Dataset entries:
====

(* Consider a one-site PTM cascade with $n\ge1$ layers and positive total amounts. Let $r(s)=f_0(s)+f_1^Y(s)\in\mathbb{R}(s)$ and write $r=r_1/r_2$ in reduced form with $r_1,r_2\in\mathbb{R}[s]$. Then at every steady state, the value $s=S_n^1$ is a root of the nonzero univariate polynomial $P(s)=r_2(s)\,\overline{E}-r_1(s)$. Moreover, at every steady state all other concentrations are rational functions of $S_n^1$: $S_i^1=f_i(S_n^1)$ for $i=0,\dots,n-1$ (with $E=S_0^1$), $Y_i^0=f_i^Y(S_n^1)$, and $F_i=\frac{\overline{F}_i}{1+\delta_iS_i^1}$, $Y_i^1=\frac{\delta_i\overline{F}_iS_i^1}{1+\delta_iS_i^1}$, $S_i^0=\frac{\lambda_i\overline{F}_iS_i^1}{(1+\delta_iS_i^1)S_{i-1}^1}$, where all denominators occurring (in the recursive definition of $f_i,f_i^Y$ evaluated at $S_n^1$ and in these formulas) are nonzero.
   Context: A one-site PTM cascade with $n$ layers has chemical species $E=S_0^1$ and, for $i=1,\dots,n$, $S_i^0,S_i^1,F_i,Y_i^0,Y_i^1$, with reactions $S_{i-1}^1+S_i^0 \rightleftharpoons Y_i^0 \to S_{i-1}^1+S_i^1$ (rate constants $a_i^0,b_i^0,c_i^0$) and $F_i+S_i^1\rightleftharpoons Y_i^1\to F_i+S_i^0$ (rate constants $a_i^1,b_i^1,c_i^1$), all positive, mass-action kinetics. Put $\delta_i=a_i^1/(b_i^1+c_i^1)$, $\gamma_i=(c_i^1/c_i^0)\delta_i$, $\lambda_i=\frac{b_i^0+c_i^0}{a_i^0}\gamma_i$. Given total amounts $\overline{E},\overline{F}_i,\overline{S}_i$, a steady state is a real solution of: $Y_i^0=\gamma_iF_iS_i^1$, $Y_i^1=\delta_iF_iS_i^1$, $\lambda_iF_iS_i^1=S_i^0S_{i-1}^1$, $\overline{F}_i=F_i+Y_i^1$, $\overline{S}_i=S_i^0+S_i^1+Y_i^0+Y_i^1+Y_{i+1}^0$ ($i=1,\dots,n$, $Y_{n+1}^0:=0$), $\overline{E}=E+Y_1^0$. Define for $i=1,\dots,n$ the polynomial $d_i(x,y)=(\overline{S}_i-y)-x-\overline{F}_i(\delta_i+\gamma_i)x+\delta_i(\overline{S}_i-y)x-\delta_ix^2$ and $g_i^Y(x)=\frac{\gamma_i\overline{F}_ix}{1+\delta_ix}$. Define rational functions of one variable $s$ recursively: $f_n(s)=s$, $f_{n+1}^Y(s)=0$, and for $i=n,n-1,\dots,1$: $f_i^Y(s)=g_i^Y(f_i(s))$ and $f_{i-1}(s)=\frac{\lambda_i\overline{F}_if_i(s)}{d_i(f_i(s),f_{i+1}^Y(s))}$. *)

From HB Require Import structures.
From mathcomp Require Import all_boot all_order all_algebra.
Set Implicit Arguments. Unset Strict Implicit. Unset Printing Implicit Defensive.
Import Order.TTheory GRing.Theory Num.Theory.
Local Open Scope ring_scope.

(* One-site PTM cascade with n layers.  Layer-indexed data are functions
   nat -> R; only the values at i = 1..n matter. *)
Section Cascade.
Variables (R : realFieldType) (n : nat).
Variables (a0 b0 c0 a1 b1 c1 : nat -> R) (Fbar Sbar : nat -> R).

Definition delta (i : nat) : R := a1 i / (b1 i + c1 i).
Definition gamma (i : nat) : R := (c1 i / c0 i) * delta i.
Definition lambda (i : nat) : R := (b0 i + c0 i) / a0 i * gamma i.

(* Generic evaluation of the recursion in any field K into which the
   real constants are mapped by k (K = R with k = id : pointwise values;
   K = R(s) with k = constant rational functions : rational functions). *)
Section Recursion.
Variables (K : fieldType) (k : R -> K).

Definition dpoly (i : nat) (x y : K) : K :=
  (k (Sbar i) - y) - x - k (Fbar i) * (k (delta i) + k (gamma i)) * x
  + k (delta i) * (k (Sbar i) - y) * x - k (delta i) * x ^+ 2.

Definition gY (i : nat) (x : K) : K :=
  k (gamma i) * k (Fbar i) * x / (1 + k (delta i) * x).

(* cstate s m = (f_{n-m}(s), f^Y_{n-m+1}(s)) for m <= n *)
Fixpoint cstate (s : K) (m : nat) : K * K :=
  match m with
  | 0 => (s, 0)
  | m'.+1 =>
      let i := (n - m')%N in
      let p := cstate s m' in
      (k (lambda i) * k (Fbar i) * p.1 / dpoly i p.1 p.2, gY i p.1)
  end.

Definition fcas (i : nat) (s : K) : K := (cstate s (n - i)).1.
Definition fYcas (i : nat) (s : K) : K :=
  if (n < i)%N then 0 else (cstate s (n - i).+1).2.

End Recursion.

Definition ratfun_r : {fraction {poly R}} :=
  let k := fun c : R => FracField.tofrac (c%:P) in
  let s := FracField.tofrac ('X : {poly R}) in
  fcas k 0 s + fYcas k 1 s.

Definition fval (i : nat) (x : R) : R := fcas id i x.
Definition fYval (i : nat) (x : R) : R := fYcas id i x.

(* Steady states: real solutions of the steady-state system;
   E = S1 0, and Y_{n+1}^0 := 0. *)
Definition steady_state (Ebar : R) (S0 S1 F Y0 Y1 : nat -> R) : Prop :=
  (forall i, (1 <= i <= n)%N ->
     [/\ Y0 i = gamma i * F i * S1 i,
         Y1 i = delta i * F i * S1 i,
         lambda i * F i * S1 i = S0 i * S1 i.-1,
         Fbar i = F i + Y1 i &
         Sbar i = S0 i + S1 i + Y0 i + Y1 i + (if i == n then 0 else Y0 i.+1)])
  /\ Ebar = S1 0%N + Y0 1%N.

End Cascade.

From HB Require Import structures.
From mathcomp Require Import all_boot all_order all_algebra.
From mathcomp Require Import ring zify.
Set Implicit Arguments. Unset Strict Implicit. Unset Printing Implicit Defensive.
Import Order.TTheory GRing.Theory Num.Theory.
Local Open Scope ring_scope.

====

Prompt
Return all the lines shown above, word for word.

Solution for this exercise
(* Consider a one-site PTM cascade with $n\ge1$ layers and positive total amounts. Let $r(s)=f_0(s)+f_1^Y(s)\in\mathbb{R}(s)$ and write $r=r_1/r_2$ in reduced form with $r_1,r_2\in\mathbb{R}[s]$. Then at every steady state, the value $s=S_n^1$ is a root of the nonzero univariate polynomial $P(s)=r_2(s)\,\overline{E}-r_1(s)$. Moreover, at every steady state all other concentrations are rational functions of $S_n^1$: $S_i^1=f_i(S_n^1)$ for $i=0,\dots,n-1$ (with $E=S_0^1$), $Y_i^0=f_i^Y(S_n^1)$, and $F_i=\frac{\overline{F}_i}{1+\delta_iS_i^1}$, $Y_i^1=\frac{\delta_i\overline{F}_iS_i^1}{1+\delta_iS_i^1}$, $S_i^0=\frac{\lambda_i\overline{F}_iS_i^1}{(1+\delta_iS_i^1)S_{i-1}^1}$, where all denominators occurring (in the recursive definition of $f_i,f_i^Y$ evaluated at $S_n^1$ and in these formulas) are nonzero.
   Context: A one-site PTM cascade with $n$ layers has chemical species $E=S_0^1$ and, for $i=1,\dots,n$, $S_i^0,S_i^1,F_i,Y_i^0,Y_i^1$, with reactions $S_{i-1}^1+S_i^0 \rightleftharpoons Y_i^0 \to S_{i-1}^1+S_i^1$ (rate constants $a_i^0,b_i^0,c_i^0$) and $F_i+S_i^1\rightleftharpoons Y_i^1\to F_i+S_i^0$ (rate constants $a_i^1,b_i^1,c_i^1$), all positive, mass-action kinetics. Put $\delta_i=a_i^1/(b_i^1+c_i^1)$, $\gamma_i=(c_i^1/c_i^0)\delta_i$, $\lambda_i=\frac{b_i^0+c_i^0}{a_i^0}\gamma_i$. Given total amounts $\overline{E},\overline{F}_i,\overline{S}_i$, a steady state is a real solution of: $Y_i^0=\gamma_iF_iS_i^1$, $Y_i^1=\delta_iF_iS_i^1$, $\lambda_iF_iS_i^1=S_i^0S_{i-1}^1$, $\overline{F}_i=F_i+Y_i^1$, $\overline{S}_i=S_i^0+S_i^1+Y_i^0+Y_i^1+Y_{i+1}^0$ ($i=1,\dots,n$, $Y_{n+1}^0:=0$), $\overline{E}=E+Y_1^0$. Define for $i=1,\dots,n$ the polynomial $d_i(x,y)=(\overline{S}_i-y)-x-\overline{F}_i(\delta_i+\gamma_i)x+\delta_i(\overline{S}_i-y)x-\delta_ix^2$ and $g_i^Y(x)=\frac{\gamma_i\overline{F}_ix}{1+\delta_ix}$. Define rational functions of one variable $s$ recursively: $f_n(s)=s$, $f_{n+1}^Y(s)=0$, and for $i=n,n-1,\dots,1$: $f_i^Y(s)=g_i^Y(f_i(s))$ and $f_{i-1}(s)=\frac{\lambda_i\overline{F}_if_i(s)}{d_i(f_i(s),f_{i+1}^Y(s))}$. *)

From HB Require Import structures.
From mathcomp Require Import all_boot all_order all_algebra.
Set Implicit Arguments. Unset Strict Implicit. Unset Printing Implicit Defensive.
Import Order.TTheory GRing.Theory Num.Theory.
Local Open Scope ring_scope.

(* One-site PTM cascade with n layers.  Layer-indexed data are functions
   nat -> R; only the values at i = 1..n matter. *)
Section Cascade.
Variables (R : realFieldType) (n : nat).
Variables (a0 b0 c0 a1 b1 c1 : nat -> R) (Fbar Sbar : nat -> R).

Definition delta (i : nat) : R := a1 i / (b1 i + c1 i).
Definition gamma (i : nat) : R := (c1 i / c0 i) * delta i.
Definition lambda (i : nat) : R := (b0 i + c0 i) / a0 i * gamma i.

(* Generic evaluation of the recursion in any field K into which the
   real constants are mapped by k (K = R with k = id : pointwise values;
   K = R(s) with k = constant rational functions : rational functions). *)
Section Recursion.
Variables (K : fieldType) (k : R -> K).

Definition dpoly (i : nat) (x y : K) : K :=
  (k (Sbar i) - y) - x - k (Fbar i) * (k (delta i) + k (gamma i)) * x
  + k (delta i) * (k (Sbar i) - y) * x - k (delta i) * x ^+ 2.

Definition gY (i : nat) (x : K) : K :=
  k (gamma i) * k (Fbar i) * x / (1 + k (delta i) * x).

(* cstate s m = (f_{n-m}(s), f^Y_{n-m+1}(s)) for m <= n *)
Fixpoint cstate (s : K) (m : nat) : K * K :=
  match m with
  | 0 => (s, 0)
  | m'.+1 =>
      let i := (n - m')%N in
      let p := cstate s m' in
      (k (lambda i) * k (Fbar i) * p.1 / dpoly i p.1 p.2, gY i p.1)
  end.

Definition fcas (i : nat) (s : K) : K := (cstate s (n - i)).1.
Definition fYcas (i : nat) (s : K) : K :=
  if (n < i)%N then 0 else (cstate s (n - i).+1).2.

End Recursion.

Definition ratfun_r : {fraction {poly R}} :=
  let k := fun c : R => FracField.tofrac (c%:P) in
  let s := FracField.tofrac ('X : {poly R}) in
  fcas k 0 s + fYcas k 1 s.

Definition fval (i : nat) (x : R) : R := fcas id i x.
Definition fYval (i : nat) (x : R) : R := fYcas id i x.

(* Steady states: real solutions of the steady-state system;
   E = S1 0, and Y_{n+1}^0 := 0. *)
Definition steady_state (Ebar : R) (S0 S1 F Y0 Y1 : nat -> R) : Prop :=
  (forall i, (1 <= i <= n)%N ->
     [/\ Y0 i = gamma i * F i * S1 i,
         Y1 i = delta i * F i * S1 i,
         lambda i * F i * S1 i = S0 i * S1 i.-1,
         Fbar i = F i + Y1 i &
         Sbar i = S0 i + S1 i + Y0 i + Y1 i + (if i == n then 0 else Y0 i.+1)])
  /\ Ebar = S1 0%N + Y0 1%N.

End Cascade.

From HB Require Import structures.
From mathcomp Require Import all_boot all_order all_algebra.
From mathcomp Require Import ring zify.
Set Implicit Arguments. Unset Strict Implicit. Unset Printing Implicit Defensive.
Import Order.TTheory GRing.Theory Num.Theory.
Local Open Scope ring_scope.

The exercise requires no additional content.